DIP 1027---String Interpolation---Format Assessment

Steven Schveighoffer schveiguy at gmail.com
Tue Feb 25 15:04:30 UTC 2020


On 2/25/20 1:54 AM, Walter Bright wrote:
> On 2/24/2020 2:45 PM, Steven Schveighoffer wrote:
>>> My inference of the discussion about this in the n.g. was the 
>>> templates would be used so users could customize the behavior to be 
>>> whatever they wanted.
>> By accepting a different type from string. In other words, an overload.
>> This means you can have code that treats an interpolated string 
>> differently than a string. Overloads based on literal types are not a 
>> new feature.
> 
> Were you proposing that an i"xxxx" be a different type? (DIP 1027 did 
> not assign a type to it at all.)

No, I proposed that the first element of the tuple be specified as a new 
spec-defined type instead of a string.

I would love to have there be a way to specify that it's a specialized 
type that is akin to string literals. I'm not qualified to do that, and 
I'm not sure it's something we want to do (this WOULD be extra 
complicated and require some compiler magic).

I would note that it seems uncharacteristic for string enums to not be 
equivalent to string literals. If that were the case, this type WOULD be 
easy to set up effectively as a string literal.

Having the type detailed in the spec and implemented in the library is a 
"low cost" solution. Effectively, even though it doesn't need to be 
specified how this works, the compiler-library interaction is done via 
simple lowering, and the existing compiler has all the tools to 
implement the new type already.

> This would be radically different from 
> DIP 1027, and a large increase in complexity (adding any new basic types 
> is a big deal and a very intrusive change, and is tough to justify).

It's not a basic type in terms of a type defined by the compiler, but a 
type defined by the spec and implemented in the library (with existing 
language mechanisms). It's not intrusive at all, the changes to your 
proposed DIP are minimal, as it's still lowering.

> 
> This is different enough from DIP 1027 that it would merit a separate DIP.
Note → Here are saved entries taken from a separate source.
Lemma pair_term_res5 u1 u2 e :
  pi_dvd 5 (pair_term D u1 u2 e -' res5 D (pair_term D (res5 D u1) (res5 D u2) e)).
Proof.
  set (P := pair_term D (res5 D u1) (res5 D u2) e).
  replace (pair_term D u1 u2 e -' res5 D P) with
    ((u1 -' res5 D u1) *' dpow_res D (fst e) +' (u2 -' res5 D u2) *' dpow_res D (snd e)
     +' (P -' res5 D P)) by (unfold P, pair_term; ring).
  apply pi_dvd_add; [apply pi_dvd_add; apply pi_dvd_mul_r|]; now apply res5_spec.
Qed.

Lemma single_term_res5 j u e :
  pi_dvd 5 (single_term D j u e -' res5 D (single_term D j (res5 D u) e)).
Proof.
  set (P := single_term D j (res5 D u) e).
  replace (single_term D j u e -' res5 D P) with
    ((u -' res5 D u) *' (pi ^' j *' dpow_res D e) +' (P -' res5 D P))
    by (unfold P, single_term; ring).
  apply pi_dvd_add; [apply pi_dvd_mul_r|]; now apply res5_spec.
Qed.

Lemma solvable_spec p1 p2 f : solvable D p1 p2 f = true ->
  exists v1 v2 v5, In v1 p1 /\ In v2 p2 /\ In v5 f /\
    (fst (fst v1) <> 0 \/ fst (fst v2) <> 0)%nat /\
    res5 D (snd v1 +' snd v2 +' snd v5) = zeroZD.
Proof.
  unfold solvable. intros (v1 & I1 & H)%existsb_exists.
  apply existsb_exists in H as (v2 & I2 & H).
  apply existsb_exists in H as (v5 & I5 & H).
  apply andb_prop in H as [Hnz Hz].
  exists v1, v2, v5; repeat split; auto.
  - destruct (Nat.eqb_spec (fst (fst v1)) 0), (Nat.eqb_spec (fst (fst v2)) 0);
      [discriminate|lia..].
  - unfold is_zero5 in Hz. now destruct (ZD_eq_dec _ _).
Qed.

Lemma pair_profile_in c u1 u2 :
  congr 1 u1 (oneZD +' digit_pi D c) -> congr 1 u2 (oneZD +' digit_pi D c) ->
  In (pair_profile D (res5 D u1, res5 D u2)) (pair_profiles D c).
Proof.
  intros h1 h2. apply nodup_In, in_map, in_prod; now apply res5_digit_residues.
Qed.

Lemma single_profile_in j u :
  pi_dvdb D u = false -> In (single_profile D j (res5 D u)) (single_profiles D j).
Proof. intro h. apply nodup_In, in_map. now apply res5_unit_residues. Qed.

Lemma residue_solution j c c' (hj : In j [2; 3; 4]%nat) u1 u2 u3 u4 u5 :
  congr 1 u1 (oneZD +' digit_pi D c) -> congr 1 u2 (oneZD +' digit_pi D c) ->
  congr 1 u3 (oneZD +' digit_pi D c') -> congr 1 u4 (oneZD +' digit_pi D c') ->
  pi_dvdb D u5 = false ->
  exists e1 e2 e5, (fst e1 <> 0 \/ fst e2 <> 0)%nat /\
    pi_dvd 5 (pair_term D u1 u2 e1 +' pair_term D u3 u4 e2 +' single_term D j u5 e5).
Proof.
  intros h1 h2 h3 h4 h5.
  destruct (solvable_spec _ _ _ (residue_check_spec D j c c' _ _ _ (residue_check_ok D hD) hj
    (pair_profile_in c u1 u2 h1 h2) (pair_profile_in c' u3 u4 h3 h4) (single_profile_in j u5 h5)))
    as (v1 & v2 & v5 & I1 & I2 & I5 & Hnz & Hz).
  apply in_map_iff in I1 as (e1 & <- & _).
  apply in_map_iff in I2 as (e2 & <- & _).
  apply in_map_iff in I5 as (e5 & <- & _).
  cbn [fst snd] in *. exists e1, e2, e5. split; [exact Hnz|].
  apply pi_dvd5_of_res5 in Hz.
  set (P1 := pair_term D (res5 D u1) (res5 D u2) e1).
  set (P2 := pair_term D (res5 D u3) (res5 D u4) e2).
  set (P5 := single_term D j (res5 D u5) e5).
  replace (pair_term D u1 u2 e1 +' pair_term D u3 u4 e2 +' single_term D j u5 e5) with
    ((pair_term D u1 u2 e1 -' res5 D P1) +' (pair_term D u3 u4 e2 -' res5 D P2) +'
     (single_term D j u5 e5 -' res5 D P5) +' (res5 D P1 +' res5 D P2 +' res5 D P5)) by ring.
  apply pi_dvd_add; [|exact Hz].
  apply pi_dvd_add; [apply pi_dvd_add|]; auto using pair_term_res5, single_term_res5.
Qed.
Adam is working on this: https://github.com/dlang/DIPs/pull/186

> DIPs for the core language specify only behaviors, not implementations. 
> Implementation possibilities can be included in an advisory manner only. 
> Note that nowhere in the (massive and complicated) C++ core language 
> specification is there any description of how the compiler should be 
> implemented. Writing that an implementation must refer to specific 
> templates implies that the behavior is customizable by the user via 
> modifying those templates.

I understand, and I think we can reword the DIP proposal to reflect that.